(* Consider two agents with combination matrix $A=\begin{bmatrix}a&1-a\\1-a&a\end{bmatrix}$, $a\in(0,1)$, so $p=[0.5;0.5]$, $P=0.5I_2$. Let $\overline{A}=(I_2+A)/2$, let $(P-AP)/2=U\Sigma U^{\mathsf{T}}$ be an eigendecomposition and $V=U\Sigma^{1/2}U^{\mathsf{T}}$. For step-size $\mu$ and $\sigma^2>0$, define $Q_d=\begin{bmatrix}(1-\mu\sigma^2)\overline{A} & -2V\\ (1-\mu\sigma^2)V\overline{A} & \overline{A}\end{bmatrix}\in\mathbb{R}^{4\times4}$. Then $Q_d$ admits the decomposition $Q_d=X\overline{Q}_dX^{-1}$ with $\overline{Q}_d=\begin{bmatrix}1&0\\0&E_d\end{bmatrix}$, $E_d=\begin{bmatrix}1-\mu\sigma^2&0&0\\0&(1-\mu\sigma^2)a&-\sqrt{2-2a}\\0&(1-\mu\sigma^2)a\sqrt{\frac{1-a}{2}}&a\end{bmatrix}$, and $X=[r\ \ X_R]$, $X^{-1}=\begin{bmatrix}\ell^{\mathsf{T}}\\ X_L\end{bmatrix}$ with $X_R\in\mathbb{R}^{4\times3}$, $X_L\in\mathbb{R}^{3\times4}$, $r=\frac12\begin{bmatrix}0\\ \mathds{1}_2\end{bmatrix}\in\mathbb{R}^4$, $\ell=\begin{bmatrix}0\\ \mathds{1}_2\end{bmatrix}\in\mathbb{R}^4$ (here $0\in\mathbb{R}^2$).
   Context: Analytical two-agent mean-square-error example: costs $\frac12(w^{\mathsf{T}}R_{u,k}w-2r_{du,k}^{\mathsf{T}}w)$ with $R_{u,1}=R_{u,2}=\sigma^2I_M$, same step-size $\mu$; the exact diffusion error recursion is $\widetilde{z}_i=(Q_d\otimes I_M)\widetilde{z}_{i-1}$. *)

From HB Require Import structures.
From mathcomp Require Import all_boot all_order all_algebra.
Set Implicit Arguments. Unset Strict Implicit. Unset Printing Implicit Defensive.
Import Order.TTheory GRing.Theory Num.Theory.
Local Open Scope ring_scope.

Definition Acomb (R : ringType) (a : R) : 'M[R]_2 :=
  \matrix_(i < 2, j < 2) (if i == j then a else 1 - a).

Definition Pmat (R : fieldType) : 'M[R]_2 := (2^-1 : R)%:M.

Definition Abar (R : fieldType) (a : R) : 'M[R]_2 :=
  (2^-1 : R) *: (1%:M + Acomb a).

Definition Vmat (R : rcfType) (U : 'M[R]_2) (s : 'rV[R]_2) : 'M[R]_2 :=
  U *m diag_mx (map_mx Num.sqrt s) *m U^T.

Definition Qd (R : rcfType) (a mu sigma2 : R) (V : 'M[R]_2) : 'M[R]_4 :=
  block_mx ((1 - mu * sigma2) *: Abar a) (- (2%:R *: V))
           ((1 - mu * sigma2) *: (V *m Abar a)) (Abar a).

Definition Ed (R : rcfType) (a mu sigma2 : R) : 'M[R]_3 :=
  \matrix_(i < 3, j < 3)
    match nat_of_ord i, nat_of_ord j with
    | 0, 0 => 1 - mu * sigma2
    | 1, 1 => (1 - mu * sigma2) * a
    | 1, 2 => - Num.sqrt (2%:R - 2%:R * a)
    | 2, 1 => (1 - mu * sigma2) * a * Num.sqrt ((1 - a) / 2%:R)
    | 2, 2 => a
    | _, _ => 0
    end.

Definition Qbar (R : rcfType) (a mu sigma2 : R) : 'M[R]_4 :=
  block_mx (1%:M : 'M[R]_1) 0 0 (Ed a mu sigma2).

Definition rvec (R : fieldType) : 'cV[R]_4 :=
  (2^-1 : R) *: col_mx (0 : 'cV[R]_2) (const_mx 1).
Definition lvec (R : fieldType) : 'cV[R]_4 :=
  col_mx (0 : 'cV[R]_2) (const_mx 1).

From HB Require Import structures.
From mathcomp Require Import all_boot all_order all_algebra.
From mathcomp Require Import ring lra.
Import Order.TTheory GRing.Theory Num.Theory.
Local Open Scope ring_scope.
Set Implicit Arguments. Unset Strict Implicit. Unset Printing Implicit Defensive.

(* With 1 the all-ones vector, e = (1, -1) and L = e e^T (the Laplacian of the two-node
   graph), A = I - (1 - a) L, so Abar fixes 1 and scales e by a, and (P - AP)/2 = (1 - a)/4 L.
   The symmetric square root with nonnegative diagonal of a multiple of L is unique, so
   V = (t/2) L with t = sqrt((1 - a)/2); hence V 1 = 0 and V e = t e. Consequently Qd fixes
   (0, 1), scales (1, 0) by 1 - mu sigma2, and acts on span{(e, 0), (0, e)} by the lower 2x2
   block of E_d. X has columns (0, 1/2), (1, 0), (e, 0), (0, e). *)

Section NatIndexedMatrices.
Variable R : nzRingType.

(* Indexing entries by nat lets concrete matrices be computed by case analysis on indices. *)
Definition nat_mx n (f : nat -> nat -> R) : 'M[R]_n := \matrix_(i < n, j < n) f i j.

Lemma eq_nat_mx n f g :
  (forall i j, (i < n)%N -> (j < n)%N -> f i j = g i j) -> nat_mx n f = nat_mx n g.
Proof. by move=> efg; apply/matrixP => i j; rewrite !mxE efg. Qed.

Lemma nat_mx_inj n f g :
  nat_mx n f = nat_mx n g -> forall i j, (i < n)%N -> (j < n)%N -> f i j = g i j.
Proof.
by move=> /matrixP efg i j ltin ltjn; have := efg (Ordinal ltin) (Ordinal ltjn); rewrite !mxE.
Qed.

Lemma nat_mx_of n (M : 'M[R]_n.+1) : M = nat_mx n.+1 (fun i j => M (inord i) (inord j)).
Proof. by apply/matrixP => i j; rewrite !mxE !inord_val. Qed.

Lemma scale_nat_mx n c f : c *: nat_mx n f = nat_mx n (fun i j => c * f i j).
Proof. by apply/matrixP => i j; rewrite !mxE. Qed.

Lemma opp_nat_mx n f : - nat_mx n f = nat_mx n (fun i j => - f i j).
Proof. by apply/matrixP => i j; rewrite !mxE. Qed.

Lemma add_nat_mx n f g : nat_mx n f + nat_mx n g = nat_mx n (fun i j => f i j + g i j).
Proof. by apply/matrixP => i j; rewrite !mxE. Qed.

Lemma scalar_nat_mx n c : c%:M = nat_mx n (fun i j => c * (i == j)%:R).
Proof. by apply/matrixP => i j; rewrite !mxE mulr_natr. Qed.

Lemma trmx_nat_mx n f : (nat_mx n f)^T = nat_mx n (fun i j => f j i).
Proof. by apply/matrixP => i j; rewrite !mxE. Qed.

Lemma mul_nat_mx2 f g :
  nat_mx 2 f *m nat_mx 2 g = nat_mx 2 (fun i j => f i 0%N * g 0%N j + f i 1%N * g 1%N j).
Proof. by apply/matrixP => i j; rewrite !mxE !big_ord_recl big_ord0 !mxE addr0. Qed.

Lemma mul_nat_mx4 f g :
  nat_mx 4 f *m nat_mx 4 g =
  nat_mx 4 (fun i j =>
    f i 0%N * g 0%N j + f i 1%N * g 1%N j + f i 2%N * g 2%N j + f i 3%N * g 3%N j).
Proof. by apply/matrixP => i j; rewrite !mxE !big_ord_recl big_ord0 !mxE addr0 !addrA. Qed.

Lemma block_nat_mx22 f11 f12 f21 f22 :
  block_mx (nat_mx 2 f11) (nat_mx 2 f12) (nat_mx 2 f21) (nat_mx 2 f22) =
  nat_mx 4 (fun i j =>
    if (i < 2)%N then if (j < 2)%N then f11 i j else f12 i (j - 2)%N
    else if (j < 2)%N then f21 (i - 2)%N j else f22 (i - 2)%N (j - 2)%N).
Proof.
apply/matrixP => i j; rewrite !mxE.
case: (splitP i) => i' ei; rewrite !mxE; case: (splitP j) => j' ej.
all: by rewrite !mxE ei ej /= ?ltn_ord ?addKn.
Qed.

Lemma block1_nat_mx n (M : 'M[R]_n.+1) :
  block_mx (1%:M : 'M[R]_1) 0 0 M =
  nat_mx n.+2 (fun i j =>
    if i == 0%N then (j == 0%N)%:R else if j == 0%N then 0 else M (inord i.-1) (inord j.-1)).
Proof.
apply/matrixP => i j; rewrite !mxE.
case: (splitP i) => i' ei; rewrite !mxE; case: (splitP j) => j' ej.
all: by rewrite ?mxE ei ej /= ?ord1 ?inord_val.
Qed.

End NatIndexedMatrices.

Arguments nat_mx_inj {R n f g} _ i j.

Definition lap2 (R : nzRingType) : 'M[R]_2 := nat_mx 2 (fun i j => if i == j then 1 else -1).

Lemma Acomb_nat_mx (R : nzRingType) (a : R) :
  Acomb a = nat_mx 2 (fun i j => if i == j then a else 1 - a).
Proof. by apply/matrixP => i j; rewrite !mxE. Qed.

Lemma half_Pmat_subAP (R : numFieldType) (a : R) :
  2^-1 *: (Pmat R - Acomb a *m Pmat R) = ((1 - a) / 4%:R) *: lap2 R.
Proof.
rewrite /Pmat Acomb_nat_mx scalar_nat_mx mul_nat_mx2 opp_nat_mx add_nat_mx !scale_nat_mx.
apply: eq_nat_mx => -[|[|//]] [|[|//]] _ _ /=; by field.
Qed.

Lemma lap2_sqrt_unique (R : rcfType) (v : R) (V : 'M[R]_2) :
  0 <= v -> V^T = V -> (forall i, 0 <= V i i) ->
  V *m V = (2%:R * v ^+ 2) *: lap2 R -> V = v *: lap2 R.
Proof.
move=> v_ge0 symV diagV sqrV.
pose w i j := V (inord i) (inord j).
have defV : V = nat_mx 2 w := nat_mx_of V.
rewrite defV trmx_nat_mx in symV; rewrite defV mul_nat_mx2 scale_nat_mx in sqrV.
have e00 := nat_mx_inj sqrV 0%N 0%N erefl erefl.
have e01 := nat_mx_inj sqrV 0%N 1%N erefl erefl.
have e11 := nat_mx_inj sqrV 1%N 1%N erefl erefl.
have w10 := nat_mx_inj symV 0%N 1%N erefl erefl.
have p_ge0 : 0 <= w 0 0 := diagV _.
have r_ge0 : 0 <= w 1 1 := diagV _.
rewrite /= in e00 e01 e11 w10; rewrite w10 in e00 e11.
move: e00 e01 e11 p_ge0 r_ge0.
set p := w 0 0; set q := w 0 1; set r := w 1 1 => e00 e01 e11 p_ge0 r_ge0.
have pr : p = r by apply/eqP; rewrite -(@eqrXn2 _ 2) //; apply/eqP; lra.
have qp : q = - p.
  have /eqP : (p + q) ^+ 2 = 0 by rewrite -pr in e01; lra.
  by rewrite sqrf_eq0 => /eqP; lra.
have pv : p = v by apply/eqP; rewrite -(@eqrXn2 _ 2) //; apply/eqP; rewrite qp in e00; lra.
rewrite defV /lap2 scale_nat_mx; apply: eq_nat_mx => -[|[|//]] [|[|//]] _ _ /=.
- by rewrite -/p pv mulr1.
- by rewrite -/q qp pv mulrN1.
- by rewrite w10 -/q qp pv mulrN1.
- by rewrite -/r -pr pv mulr1.
Qed.

Section OrthogonalConjugation.
Variables (R : realDomainType) (n : nat) (U : 'M[R]_n).

Lemma trmx_conj_diag (d : 'rV[R]_n) : (U *m diag_mx d *m U^T)^T = U *m diag_mx d *m U^T.
Proof. by rewrite !trmx_mul trmxK tr_diag_mx mulmxA. Qed.

Lemma mul_conj_diag (d e : 'rV[R]_n) : U^T *m U = 1%:M ->
  (U *m diag_mx d *m U^T) *m (U *m diag_mx e *m U^T) = U *m (diag_mx d *m diag_mx e) *m U^T.
Proof. by move=> UTU; rewrite !mulmxA -(mulmxA _ U^T) UTU mulmx1 -(mulmxA U). Qed.

Lemma conj_diag_ge0 (d : 'rV[R]_n) : (forall j, 0 <= d 0 j) ->
  forall i, 0 <= (U *m diag_mx d *m U^T) i i.
Proof.
move=> d_ge0 i; rewrite mul_mx_diag !mxE; apply: sumr_ge0 => k _.
by rewrite !mxE mulrAC -expr2 mulr_ge0 ?sqr_ge0.
Qed.

End OrthogonalConjugation.

Section SquareRootFactor.
Variables (R : rcfType) (U : 'M[R]_2) (s : 'rV[R]_2).
Hypotheses (UTU : U^T *m U = 1%:M) (s_ge0 : forall j, 0 <= s 0 j).

Lemma trmx_Vmat : (Vmat U s)^T = Vmat U s.
Proof. exact: trmx_conj_diag. Qed.

Lemma Vmat_diag_ge0 i : 0 <= Vmat U s i i.
Proof. by apply: conj_diag_ge0 => j; rewrite mxE sqrtr_ge0. Qed.

Lemma Vmat_sqr : Vmat U s *m Vmat U s = U *m diag_mx s *m U^T.
Proof.
rewrite mul_conj_diag // mulmx_diag; congr (_ *m diag_mx _ *m _).
by apply/rowP => j; rewrite !mxE -expr2 sqr_sqrtr.
Qed.

End SquareRootFactor.

Section Eigenbasis.
Variable R : numFieldType.

Definition Xd : 'M[R]_4 := nat_mx 4 (fun i j =>
  match i, j with
  | 0, 1 | 0, 2 | 1, 1 | 2, 3 => 1
  | 1, 2 | 3, 3 => -1
  | 2, 0 | 3, 0 => 2^-1
  | _, _ => 0
  end).

Definition Yd : 'M[R]_4 := nat_mx 4 (fun i j =>
  match i, j with
  | 0, 2 | 0, 3 => 1
  | 1, 0 | 1, 1 | 2, 0 | 3, 2 => 2^-1
  | 2, 1 | 3, 3 => - 2^-1
  | _, _ => 0
  end).

Lemma mulmx_Xd_Yd : Xd *m Yd = 1%:M.
Proof.
rewrite mul_nat_mx4 scalar_nat_mx.
by apply: eq_nat_mx => -[|[|[|[|//]]]] [|[|[|[|//]]]] _ _ /=; field.
Qed.

Lemma unitmx_Xd : Xd \in unitmx.
Proof. by case: (mulmx1_unit mulmx_Xd_Yd). Qed.

Lemma invmx_Xd : invmx Xd = Yd.
Proof. by rewrite -[invmx _]mulmx1 -mulmx_Xd_Yd mulmxA mulVmx ?unitmx_Xd ?mul1mx. Qed.

Lemma col0_Xd : col ord0 Xd = rvec R.
Proof.
apply/colP => i; rewrite !mxE; case: (@splitP 2 2 i) => -[[|[|//]] ?] ->.
all: by rewrite !mxE /= ?mulr0 ?mulr1.
Qed.

Lemma row0_Yd : row ord0 Yd = (lvec R)^T.
Proof.
apply/rowP => j; rewrite !mxE; case: (@splitP 2 2 j) => -[[|[|//]] ?] ->.
all: by rewrite !mxE.
Qed.

End Eigenbasis.

Lemma mulmx_Qd_Xd (R : rcfType) (a mu sigma2 : R) :
  Qd a mu sigma2 ((Num.sqrt ((1 - a) / 2%:R) / 2%:R) *: lap2 R) *m Xd R =
  Xd R *m Qbar a mu sigma2.
Proof.
have sqrt_2_2a : Num.sqrt (2%:R - 2%:R * a) = 2%:R * Num.sqrt ((1 - a) / 2%:R).
  have -> : 2%:R - 2%:R * a = 2%:R ^+ 2 * ((1 - a) / 2%:R) by field.
  by rewrite sqrtrM ?sqr_ge0 // sqrtr_sqr ger0_norm.
rewrite /Qd /Abar /lap2 Acomb_nat_mx scalar_nat_mx.
rewrite !(add_nat_mx, scale_nat_mx, mul_nat_mx2, opp_nat_mx) block_nat_mx22.
rewrite /Qbar block1_nat_mx !mul_nat_mx4.
apply: eq_nat_mx => -[|[|[|[|//]]]] [|[|[|[|//]]]] _ _ /=.
all: by rewrite /Ed ?mxE ?inordK //= ?sqrt_2_2a; field.
Qed.

Theorem lemma5 (R : rcfType) (a mu sigma2 : R)
  (ha0 : 0 < a) (ha1 : a < 1) (hmu : 0 < mu) (hs : 0 < sigma2)
  (U : 'M[R]_2) (s : 'rV[R]_2)
  (hU : U *m U^T = 1%:M)
  (hs0 : forall j, 0 <= s ord0 j)
  (heig : (2^-1 : R) *: (Pmat R - Acomb a *m Pmat R) = U *m diag_mx s *m U^T) :
  exists X : 'M[R]_4,
    [/\ X \in unitmx,
        col ord0 X = rvec R,
        row ord0 (invmx X) = (lvec R)^T &
        Qd a mu sigma2 (Vmat U s) = X *m Qbar a mu sigma2 *m invmx X].
Proof.
have UTU : U^T *m U = 1%:M := mulmx1C hU.
set t := Num.sqrt ((1 - a) / 2%:R).
have t_ge0 : 0 <= t / 2%:R by rewrite divr_ge0 ?sqrtr_ge0.
have tE : t ^+ 2 = (1 - a) / 2%:R by rewrite sqr_sqrtr // divr_ge0 // subr_ge0 ltW.
have V_lap2 : Vmat U s = (t / 2%:R) *: lap2 R.
  apply: lap2_sqrt_unique => //; [exact: trmx_Vmat | exact: Vmat_diag_ge0 |].
  rewrite Vmat_sqr // -heig half_Pmat_subAP; congr (_ *: _).
  by rewrite expr_div_n tE; field.
exists (Xd R); split; first exact: unitmx_Xd.
- exact: col0_Xd.
- by rewrite invmx_Xd row0_Yd.
- by rewrite V_lap2 -mulmx_Qd_Xd mulmxK ?unitmx_Xd.
Qed.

----------

# Your goal
Please restate word for word the lines of the material above, beginning with the one that holds "set t := Num.sqrt ((1 - a) / 2%:R)." and ending with the last.

# Output
set t := Num.sqrt ((1 - a) / 2%:R).
have t_ge0 : 0 <= t / 2%:R by rewrite divr_ge0 ?sqrtr_ge0.
have tE : t ^+ 2 = (1 - a) / 2%:R by rewrite sqr_sqrtr // divr_ge0 // subr_ge0 ltW.
have V_lap2 : Vmat U s = (t / 2%:R) *: lap2 R.
  apply: lap2_sqrt_unique => //; [exact: trmx_Vmat | exact: Vmat_diag_ge0 |].
  rewrite Vmat_sqr // -heig half_Pmat_subAP; congr (_ *: _).
  by rewrite expr_div_n tE; field.
exists (Xd R); split; first exact: unitmx_Xd.
- exact: col0_Xd.
- by rewrite invmx_Xd row0_Yd.
- by rewrite V_lap2 -mulmx_Qd_Xd mulmxK ?unitmx_Xd.
Qed.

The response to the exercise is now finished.